═════ Available data ═════

(* s is (a possible value of) the dispersed projection of x; any ties in
   steps (1) and (6) may be broken arbitrarily *)
Definition dispersed (M : seq face) (nv : vec -> vec) (x s : vec) : Prop :=
  let sg := sgn M x in
  exists st, [/\ nearest M x st,
    exists T, [/\ T \in M, in_face T st & proj_face nv sg T x s]
  & forall T s', T \in M -> in_face T st -> proj_face nv sg T x s' ->
      enorm (x - s) <= enorm (x - s')].

Definition signed_height (M : seq face) (x s : vec) : R :=
  if `[< inside M x >] then - enorm (x - s) else enorm (x - s).

Definition avec (nv : vec -> vec) (sg : R) (T : face) (i : nat) : vec :=
  let n := aligned_at nv sg T i in (dot n (sg *: face_normal T))^-1 *: n.

Definition exceptional (M : seq face) (nv : vec -> vec) (x : vec) : Prop :=
  exists T (sg : R) (i j : nat),
    [/\ T \in M, sg = 1 \/ sg = -1, (i < 3)%N, (j < 3)%N & i != j] /\
    exists u t : R, [/\ 0 <= u <= 1, 0 <= t &
      x = (1 - u) *: vtx T i + u *: vtx T j
          + t *: ((1 - u) *: avec nv sg T i + u *: avec nv sg T j)].

End MeshDefs.

(* Write a point as x = s + l * W, where s is its dispersed projection, interpolated from
   barycentric coordinates a in a face T, l >= 0 is its height over T and W is the matching
   interpolation of the scaled aligned normals.  Off the exceptional set no coordinate of a
   vanishes (a vanishing one puts x on one of the bilinear surfaces spanned by an edge), so
   s lies in the relative interior of T; as distinct faces of the mesh only meet in the
   convex hull of their common vertices, every face containing s is T itself.  Hence two
   points with the same projection share T, a and W, and the signed height fixes l. *)
From Pilot Require Import Defs.
From HB Require Import structures.
From mathcomp Require Import all_boot all_order all_algebra.
From mathcomp Require Import all_classical all_reals all_analysis.
From mathcomp Require Import ring lra.
Set Implicit Arguments. Unset Strict Implicit.
Import Order.TTheory GRing.Theory Num.Theory.
Local Open Scope ring_scope.

Section DispersedProjection.
Variable R : realType.
Local Notation vec := 'rV[R]_3.
Local Notation face := (vec * vec * vec)%type.
Local Notation coord := Defs.coord.

Lemma coord_ext (u v : vec) :
  (forall k, (k < 3)%N -> coord u k = coord v k) -> u = v.
Proof. by move=> E; apply/rowP => i; have := E i (ltn_ord i); rewrite /coord inord_val. Qed.

Lemma coordD (u v : vec) k : coord (u + v) k = coord u k + coord v k.
Proof. by rewrite /coord mxE. Qed.

Lemma coordN (u : vec) k : coord (- u) k = - coord u k.
Proof. by rewrite /coord mxE. Qed.

Lemma coordZ a (u : vec) k : coord (a *: u) k = a * coord u k.
Proof. by rewrite /coord mxE. Qed.

Lemma coord0 k : coord (0 : vec) k = 0.
Proof. by rewrite /coord mxE. Qed.

Definition coordE := (coordD, coordN, coordZ, coord0).

Lemma coord_cross (u v : vec) :
  [/\ coord (cross u v) 0 = coord u 1 * coord v 2 - coord u 2 * coord v 1,
      coord (cross u v) 1 = coord u 2 * coord v 0 - coord u 0 * coord v 2 &
      coord (cross u v) 2 = coord u 0 * coord v 1 - coord u 1 * coord v 0].
Proof. by rewrite /cross /coord !mxE !inordK. Qed.

Lemma dotE (u v : vec) :
  dot u v = coord u 0 * coord v 0 + coord u 1 * coord v 1 + coord u 2 * coord v 2.
Proof.
rewrite /dot !big_ord_recr big_ord0 /= add0r /coord.
by congr (_ * _ + _ * _ + _ * _); congr (_ _ _); apply/val_inj; rewrite /= inordK.
Qed.

Lemma crossZDl a b (u v w : vec) :
  cross (a *: u + b *: v) w = a *: cross u w + b *: cross v w.
Proof.
have [A0 A1 A2] := coord_cross (a *: u + b *: v) w.
have [U0 U1 U2] := coord_cross u w; have [V0 V1 V2] := coord_cross v w.
apply: coord_ext => -[|[|[|//]]] _; rewrite !coordE ?A0 ?A1 ?A2 ?U0 ?U1 ?U2 ?V0 ?V1 ?V2
  !coordE; ring.
Qed.

Lemma cross_anti (u v : vec) : cross v u = - cross u v.
Proof.
have [A0 A1 A2] := coord_cross v u; have [B0 B1 B2] := coord_cross u v.
by apply: coord_ext => -[|[|[|//]]] _; rewrite coordN ?A0 ?A1 ?A2 ?B0 ?B1 ?B2; ring.
Qed.

Lemma crossvv (u : vec) : cross u u = 0.
Proof.
have [C0 C1 C2] := coord_cross u u.
by apply: coord_ext => -[|[|[|//]]] _; rewrite coord0 ?C0 ?C1 ?C2 mulrC subrr.
Qed.

Lemma cross0v (u : vec) : cross 0 u = 0.
Proof. by have := crossZDl 0 0 0 0 u; rewrite !scale0r !addr0. Qed.

Lemma crossv0 (u : vec) : cross u 0 = 0.
Proof. by rewrite cross_anti cross0v oppr0. Qed.

Lemma cross_neq0_lin_indep (u v : vec) a b :
  cross u v != 0 -> a *: u + b *: v = 0 -> a = 0 /\ b = 0.
Proof.
move=> nz_uv E.
have Ea : cross (a *: u + b *: v) v = a *: cross u v.
  by rewrite crossZDl crossvv scaler0 addr0.
have Eb : cross u (a *: u + b *: v) = b *: cross u v.
  by rewrite cross_anti crossZDl crossvv scaler0 add0r (cross_anti u v) scalerN opprK.
move: Ea Eb; rewrite E cross0v crossv0 => /esym/eqP + /esym/eqP.
by rewrite !scaler_eq0 (negbTE nz_uv) !orbF => /eqP -> /eqP ->.
Qed.

Lemma cross_neq0_distinct (v1 v2 v3 : vec) :
  cross (v2 - v1) (v3 - v1) != 0 -> [/\ v1 != v2, v1 != v3 & v2 != v3].
Proof.
move=> nz; split; apply/eqP => E; move: nz;
  by rewrite E ?subrr ?cross0v ?crossv0 ?crossvv eqxx.
Qed.

Lemma bary_affine a1 a2 a3 (p1 p2 p3 : vec) : a1 + a2 + a3 = 1 ->
  bary a1 a2 a3 p1 p2 p3 = p1 + a2 *: (p2 - p1) + a3 *: (p3 - p1).
Proof.
move=> Ha; have -> : a1 = 1 - a2 - a3 by lra.
by apply: coord_ext => k _; rewrite /bary !coordE; ring.
Qed.

Lemma bary_inj (v1 v2 v3 : vec) a1 a2 a3 b1 b2 b3 :
  cross (v2 - v1) (v3 - v1) != 0 -> a1 + a2 + a3 = 1 -> b1 + b2 + b3 = 1 ->
  bary a1 a2 a3 v1 v2 v3 = bary b1 b2 b3 v1 v2 v3 -> [/\ a1 = b1, a2 = b2 & a3 = b3].
Proof.
move=> nz Ha Hb; rewrite !bary_affine // => E.
have : (a2 - b2) *: (v2 - v1) + (a3 - b3) *: (v3 - v1) = 0.
  apply: coord_ext => k _; rewrite coord0; move/(congr1 (coord^~ k))/eqP: E.
  by rewrite -subr_eq0 => /eqP <-; rewrite !coordE; ring.
by case/(cross_neq0_lin_indep nz) => *; split; lra.
Qed.

Lemma enorm_eq0 (u : vec) : enorm u = 0 -> u = 0.
Proof.
rewrite /enorm dotE => /eqP; rewrite sqrtr_eq0 => H.
have := sqr_ge0 (coord u 0); have := sqr_ge0 (coord u 1); have := sqr_ge0 (coord u 2).
by rewrite !expr2 => *; apply: coord_ext => -[|[|[|//]]] _; rewrite coord0; nra.
Qed.

Lemma enorm_ge0 (u : vec) : 0 <= enorm u.
Proof. exact: sqrtr_ge0. Qed.

Lemma enormZ l (u : vec) : enorm (l *: u) = `|l| * enorm u.
Proof.
rewrite /enorm (_ : dot _ _ = l ^+ 2 * dot u u); last by rewrite !dotE !coordE; ring.
by rewrite sqrtrM ?sqr_ge0 // sqrtr_sqr.
Qed.

Lemma eq_on_ray_enorm (s w x1 x2 : vec) l1 l2 :
  x1 = s + l1 *: w -> x2 = s + l2 *: w -> 0 <= l1 -> 0 <= l2 ->
  enorm (x1 - s) = enorm (x2 - s) -> x1 = x2.
Proof.
move=> -> -> /ger0_norm l1E /ger0_norm l2E; rewrite !(addrC s) !addrK !enormZ l1E l2E.
have [/enorm_eq0 -> _|nz_w /(mulIf nz_w) -> //] := eqVneq (enorm w) 0.
by rewrite !scaler0.
Qed.

Definition in_tri_interior (p1 p2 p3 x : vec) : Prop :=
  exists a1 a2 a3 : R, [/\ 0 < a1, 0 < a2, 0 < a3, a1 + a2 + a3 = 1
                       & x = bary a1 a2 a3 p1 p2 p3].

Lemma scaler_if (c : bool) a (v : vec) : (if c then a *: v else 0) = (if c then a else 0) *: v.
Proof. by case: c; rewrite ?scale0r. Qed.

Lemma conv_missing_vertex_not_interior (v1 v2 v3 x : vec) (w : seq vec) :
  cross (v2 - v1) (v3 - v1) != 0 ->
  (size (undup [seq p <- [:: v1; v2; v3] | p \in w]) < 3)%N ->
  conv_seq [seq p <- [:: v1; v2; v3] | p \in w] x -> ~ in_tri_interior v1 v2 v3 x.
Proof.
move=> nz small [a [_ sum_a ->]] [a1 [a2 [a3 [a1_gt0 a2_gt0 a3_gt0 sum_a' Ex]]]].
have [D12 D13 D23] := cross_neq0_distinct nz.
rewrite undup_id in small sum_a Ex; last first.
  by apply: filter_uniq; rewrite /= !inE negb_or D12 D13 D23.
rewrite big_filter big_mkcond !big_cons big_nil /= addr0 addrA in sum_a.
rewrite big_filter big_mkcond !big_cons big_nil /= !scaler_if addr0 addrA in Ex.
move: small a1_gt0 a2_gt0 a3_gt0 => /=.
have [<- <- <-] := bary_inj nz sum_a sum_a' Ex.
by case: (v1 \in w); case: (v2 \in w); case: (v3 \in w); rewrite ?ltxx.
Qed.

Lemma face_interior_unique M (T1 T2 : face) x :
  no_zero_area_face M -> no_self_intersection M -> T1 \in M -> T2 \in M ->
  in_tri_interior (fv1 T1) (fv2 T1) (fv3 T1) x -> in_face T2 x -> T1 = T2.
Proof.
move=> nz_area simple T1M T2M x_int x_T2; apply/eqP/negPn/negP => T1_neq_T2.
have i1 : (index T1 M < size M)%N by rewrite index_mem.
have i2 : (index T2 M < size M)%N by rewrite index_mem.
have i12 : index T1 M != index T2 M.
  by apply: contra T1_neq_T2 => /eqP E; rewrite -(nth_index face0 T1M) E nth_index.
have x_T1 : in_face T1 x.
  have [a1 [a2 [a3 [? ? ? ? ->]]]] := x_int.
  by exists a1, a2, a3; split => //; apply: ltW.
move: (simple _ _ i1 i2 i12); rewrite /= !nth_index // => -[small meet].
by apply: conv_missing_vertex_not_interior (nz_area _ T1M) small _ x_int; apply/meet.
Qed.

Lemma sgn_pm1 M (x : vec) : sgn M x = 1 \/ sgn M x = -1.
Proof. by rewrite /sgn; case: `[< _ >]; [right | left]. Qed.

Lemma signed_val_eq (b1 b2 : bool) (e1 e2 : R) : 0 <= e1 -> 0 <= e2 ->
  (if b1 then - e1 else e1) = (if b2 then - e2 else e2) ->
  e1 = 0 /\ e2 = 0 \/ b1 = b2 /\ e1 = e2.
Proof. by case: b1 b2 => -[] ? ? E; [right | left | left | right]; split => //; lra. Qed.

Lemma eq_signed_height M (x1 x2 s : vec) :
  signed_height M x1 s = signed_height M x2 s ->
  x1 = x2 \/ sgn M x1 = sgn M x2 /\ enorm (x1 - s) = enorm (x2 - s).
Proof.
move/(signed_val_eq (enorm_ge0 _) (enorm_ge0 _)).
case=> [[/enorm_eq0/subr0_eq -> /enorm_eq0/subr0_eq ->] | [Eb Ee]]; first by left.
by right; split => //; rewrite /sgn Eb.
Qed.

Definition interp_avec nv sg (T : face) (a1 a2 a3 : R) : vec :=
  bary a1 a2 a3 (avec nv sg T 0) (avec nv sg T 1) (avec nv sg T 2).

Lemma lifted_avec nv sg (T : face) x i :
  lifted nv sg T x i = vtx T i + height_l sg T x *: avec nv sg T i.
Proof. by rewrite /lifted /avec /= [in RHS]scalerA. Qed.

Lemma proj_face_decomp nv sg (T : face) x s : proj_face nv sg T x s ->
  exists a1 a2 a3, [/\ 0 <= a1, 0 <= a2, 0 <= a3, a1 + a2 + a3 = 1 &
    s = bary a1 a2 a3 (fv1 T) (fv2 T) (fv3 T) /\
    x = s + height_l sg T x *: interp_avec nv sg T a1 a2 a3].
Proof.
move=> [_ [a1 [a2 [a3 [[? ? ? ? Ex] Es]]]]].
exists a1, a2, a3; split => //; split => //.
rewrite {1}Ex !lifted_avec Es /interp_avec /vtx /=.
move: (height_l _ _ _) (avec _ _ _ 0) (avec _ _ _ 1) (avec _ _ _ 2) => l A1 A2 A3.
by apply: coord_ext => k _; rewrite /bary !coordE; ring.
Qed.

Lemma not_exceptional_coords_pos M nv sg (T : face) x s a1 a2 a3 l :
  T \in M -> (sg = 1 \/ sg = -1) -> ~ exceptional M nv x ->
  0 <= a1 -> 0 <= a2 -> 0 <= a3 -> a1 + a2 + a3 = 1 -> 0 <= l ->
  s = bary a1 a2 a3 (fv1 T) (fv2 T) (fv3 T) -> x = s + l *: interp_avec nv sg T a1 a2 a3 ->
  [/\ 0 < a1, 0 < a2 & 0 < a3].
Proof.
move=> TM sg_pm nex a1_ge0 a2_ge0 a3_ge0 sum_a l_ge0 -> Ex.
have on_edge (i j : nat) u : (i < 3)%N -> (j < 3)%N -> i != j -> 0 <= u <= 1 ->
    x = (1 - u) *: vtx T i + u *: vtx T j
      + l *: ((1 - u) *: avec nv sg T i + u *: avec nv sg T j) -> False.
  by move=> *; apply: nex; exists T, sg, i, j; split => //; exists u, l.
rewrite !lt_def a1_ge0 a2_ge0 a3_ge0 !andbT; rewrite /interp_avec /bary in Ex.
split; apply/eqP => a_eq0; rewrite a_eq0 !scale0r ?add0r ?addr0 in Ex.
- apply: (on_edge 1%N 2%N a3) => //; first by apply/andP; split; lra.
  by rewrite Ex (_ : a2 = 1 - a3) //; lra.
- apply: (on_edge 0%N 2%N a3) => //; first by apply/andP; split; lra.
  by rewrite Ex (_ : a1 = 1 - a3) //; lra.
- apply: (on_edge 0%N 1%N a2) => //; first by apply/andP; split; lra.
  by rewrite Ex (_ : a1 = 1 - a2) //; lra.
Qed.

End DispersedProjection.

═════

→ **Instructions for the task**
Word for word, restate the lines above from the line containing "Lemma cross0v (u : vec) : cross 0 u = 0." through the line containing "Lemma bary_inj (v1", with both included and nothing else.

→ **The completed task**
Lemma cross0v (u : vec) : cross 0 u = 0.
Proof. by have := crossZDl 0 0 0 0 u; rewrite !scale0r !addr0. Qed.

Lemma crossv0 (u : vec) : cross u 0 = 0.
Proof. by rewrite cross_anti cross0v oppr0. Qed.

Lemma cross_neq0_lin_indep (u v : vec) a b :
  cross u v != 0 -> a *: u + b *: v = 0 -> a = 0 /\ b = 0.
Proof.
move=> nz_uv E.
have Ea : cross (a *: u + b *: v) v = a *: cross u v.
  by rewrite crossZDl crossvv scaler0 addr0.
have Eb : cross u (a *: u + b *: v) = b *: cross u v.
  by rewrite cross_anti crossZDl crossvv scaler0 add0r (cross_anti u v) scalerN opprK.
move: Ea Eb; rewrite E cross0v crossv0 => /esym/eqP + /esym/eqP.
by rewrite !scaler_eq0 (negbTE nz_uv) !orbF => /eqP -> /eqP ->.
Qed.

Lemma cross_neq0_distinct (v1 v2 v3 : vec) :
  cross (v2 - v1) (v3 - v1) != 0 -> [/\ v1 != v2, v1 != v3 & v2 != v3].
Proof.
move=> nz; split; apply/eqP => E; move: nz;
  by rewrite E ?subrr ?cross0v ?crossv0 ?crossvv eqxx.
Qed.

Lemma bary_affine a1 a2 a3 (p1 p2 p3 : vec) : a1 + a2 + a3 = 1 ->
  bary a1 a2 a3 p1 p2 p3 = p1 + a2 *: (p2 - p1) + a3 *: (p3 - p1).
Proof.
move=> Ha; have -> : a1 = 1 - a2 - a3 by lra.
by apply: coord_ext => k _; rewrite /bary !coordE; ring.
Qed.

Lemma bary_inj (v1 v2 v3 : vec) a1 a2 a3 b1 b2 b3 :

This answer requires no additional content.